Andarias mengaku memukul korban pada bagian kepala. Setelah korban tak berdaya, pelaku kemudian membawa kabur brankas yang ada di lokasi.
"Iya (saya) ambil brankas 13 juta lebih, rencananya dipakai bayar utang dengan beli bahan (lemari)," ucapnya.
Andarias menjelaskan, dirinya kemudian pulang ke rumah membawa brankas tersebut. Dia kemudian memilih kabur ke Manado usai melihat dirinya viral di media sosial.

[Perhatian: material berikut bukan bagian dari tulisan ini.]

(* (Provably in $\mathsf{Z}^-_{\mathrm{FTM}\omega}$.) Let $E$ be a strict well-ordering of a set $U$. Then there is an ordinal $\lambda$ and an order isomorphism of $\langle U,E\rangle$ onto $\langle\lambda,\in\rangle$.
   Context: $\mathsf{Z}^-_{\mathrm{FTM}\omega}$ is Zermelo set theory without Power Set and Choice (Extensionality, Pairing, Union, Infinity, Regularity, Separation) plus: (FC) every set $X$ has a superset $Y$ such that every finite $x\subseteq Y$ belongs to $Y$; (TS) every set has a transitive superset; (MC) every set binary relation $A$ that is well-founded and extensional admits a transitive set $X$ and a bijection $\eta$ from its field onto $X$ with $jAk\iff\eta(j)\in\eta(k)$; (Count) every set admits an injection into $\omega$. *)

(* A model of the first-order theory Z^-_{FTM omega} is a type V
   with a binary relation mem (equality of the model = Leibniz equality).
   "Provable in T" is rendered (via soundness/completeness) as "holds in every
   model of T". Separation is a first-order schema, stated via an explicit
   syntax of formulas of the language {mem, =}. *)

Section Model.
Variable V : Type.
Variable mem : V -> V -> Prop.

Inductive form : Type :=
| FMem : nat -> nat -> form
| FEq  : nat -> nat -> form
| FFalse : form
| FImp : form -> form -> form
| FAnd : form -> form -> form
| FOr  : form -> form -> form
| FAll : form -> form
| FEx  : form -> form.

Definition scons (x : V) (e : nat -> V) : nat -> V :=
  fun n => match n with 0 => x | S k => e k end.

Fixpoint sat (e : nat -> V) (p : form) : Prop :=
  match p with
  | FMem i j => mem (e i) (e j)
  | FEq i j => e i = e j
  | FFalse => False
  | FImp a b => sat e a -> sat e b
  | FAnd a b => sat e a /\ sat e b
  | FOr a b => sat e a \/ sat e b
  | FAll a => forall x, sat (scons x e) a
  | FEx a => exists x, sat (scons x e) a
  end.

Definition subset (a b : V) : Prop := forall x, mem x a -> mem x b.
Definition transitive_set (a : V) : Prop := forall x y, mem x y -> mem y a -> mem x a.
Definition is_empty (e : V) : Prop := forall z, ~ mem z e.
Definition is_upair (c a b : V) : Prop := forall z, mem z c <-> (z = a \/ z = b).
Definition is_opair (p a b : V) : Prop :=
  forall z, mem z p <-> (is_upair z a a \/ is_upair z a b).
Definition pin (f a b : V) : Prop := exists p, mem p f /\ is_opair p a b.
Definition is_succ (s x : V) : Prop := forall z, mem z s <-> (mem z x \/ z = x).
Definition inductive (I : V) : Prop :=
  (exists e, mem e I /\ is_empty e) /\
  (forall x, mem x I -> exists s, mem s I /\ is_succ s x).
Definition is_omega (w : V) : Prop :=
  inductive w /\ forall I, inductive I -> subset w I.

Definition fun_between (f A B : V) : Prop :=
  (forall p, mem p f -> exists a b, is_opair p a b /\ mem a A /\ mem b B) /\
  (forall a, mem a A -> exists b, pin f a b) /\
  (forall a b b', pin f a b -> pin f a b' -> b = b').
Definition injection (f A B : V) : Prop :=
  fun_between f A B /\ (forall a a' b, pin f a b -> pin f a' b -> a = a').
Definition bijection (f A B : V) : Prop :=
  injection f A B /\ (forall b, mem b B -> exists a, mem a A /\ pin f a b).

Definition finite (x : V) : Prop :=
  exists w n f, is_omega w /\ mem n w /\ bijection f x n.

"Langsung lari ke rumah dulu satu malam, nanti siang jam 11 lewat karena di Facebook sudah ada foto saya dipajang, saya langsung lari pakai motor," tutupnya.
Jejak Kejahatan Rias
Dirreskrimum Polda Sulsel Kombes Setiadi Sulaksono mengatakan pelaku merupakan residivis yang tercatat pernah terlibat kasus penganiayaan berat pada 2007 yang ditangani Polres Palopo. Tersangka juga tercatat pernah melakukan pembunuhan di Makassar pada 2004 dan ditangkap 2008.

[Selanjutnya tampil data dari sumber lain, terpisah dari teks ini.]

Definition pseudo_comp (n : nat) (a : seq nat) : bool :=
  [&& 0 < size a, all (fun x => 0 < x) (behead a) & sumn a == n].

(* D(alpha) = {a_1, a_1+a_2, ..., a_1+...+a_{l-1}} as a subset of {0..n-1} *)
Definition descC (n : nat) (a : seq nat) : {set 'I_n} :=
  [set i : 'I_n | val i \in [seq sumn (take k a) | k <- iota 1 (size a).-1]].

Definition rB (n : nat) (a : seq nat) : nat :=
  #|[set w : {perm sidx n} | signed_perm w & descB w == descC n a]|.

Fixpoint seqs_of (m k : nat) : seq (seq nat) :=
  if k is k'.+1 then [seq x :: s | x <- iota 0 m, s <- seqs_of m k'] else [:: [::]].

(* A duplicate-free finite list containing every pseudo-composition of n:
   all sequences of length 1..n+1 with entries in {0..n}. *)
Definition pc_candidates (n : nat) : seq (seq nat) :=
  flatten [seq seqs_of n.+1 k | k <- iota 1 n.+1].

Definition cB (p i n : nat) : nat :=
  count (fun a => pseudo_comp n a && (rB n a == i %[mod p])) (pc_candidates n).

(* Fix a descent set.  For a signed permutation w that is not of the form
   w(j) = +-j, let i + 1 be the least j with |w(j)| <> j.  Then +-(i + 1) sits
   at a position beyond i + 1, and both its neighbours have absolute value
   larger than i + 1, so flipping its sign is an involution that preserves
   the descent set.  The fixed points satisfy |w(j)| = j, and then w(j) < 0
   exactly when j - 1 is a descent: there is one for each descent set, so
   every r^B_alpha is odd.  A pseudo-composition of n is a first part
   a_1 <= n followed by a composition of t = n - a_1; as t has 2^(t-1)
   compositions for t > 0 and one for t = 0, there are
   1 + (1 + 2 + ... + 2^(n-1)) = 2^n pseudo-compositions. *)

From Pilot Require Import Defs.
From mathcomp Require Import all_boot all_order ssralg ssrnum ssrint perm.
From mathcomp Require Import fingroup action pgroup cyclic sylow zify lra.
Set Implicit Arguments. Unset Strict Implicit. Unset Printing Implicit Defensive.
Import Order.TTheory GRing.Theory Num.Theory.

"Pelaku memang residivis, dia pernah melakukan kasus penganiayaan berat pada 2007 di Polres Palopo. Terus di 2004 lagi, dia melakukan pembunuhan dan 2008 baru ditangkap di Makassar," ungkap Setiadi.
Dia menambahkan, pelaku berniat mengganti uang istrinya yang telah habis dipakai judi online. Untuk mengganti uang tersebut, tersangka kemudian mendatangi TKP dan melihat adanya kesempatan melakukan aksi kejahatan.
"Sebenarnya tidak ada keinginan juga untuk menghabisi nyawa dari korban, jadi pada saat dilihat korban waktu itu berteriak. Ada batu untuk ganjelan pintu, dihantam 4 kali ke korban," katanya.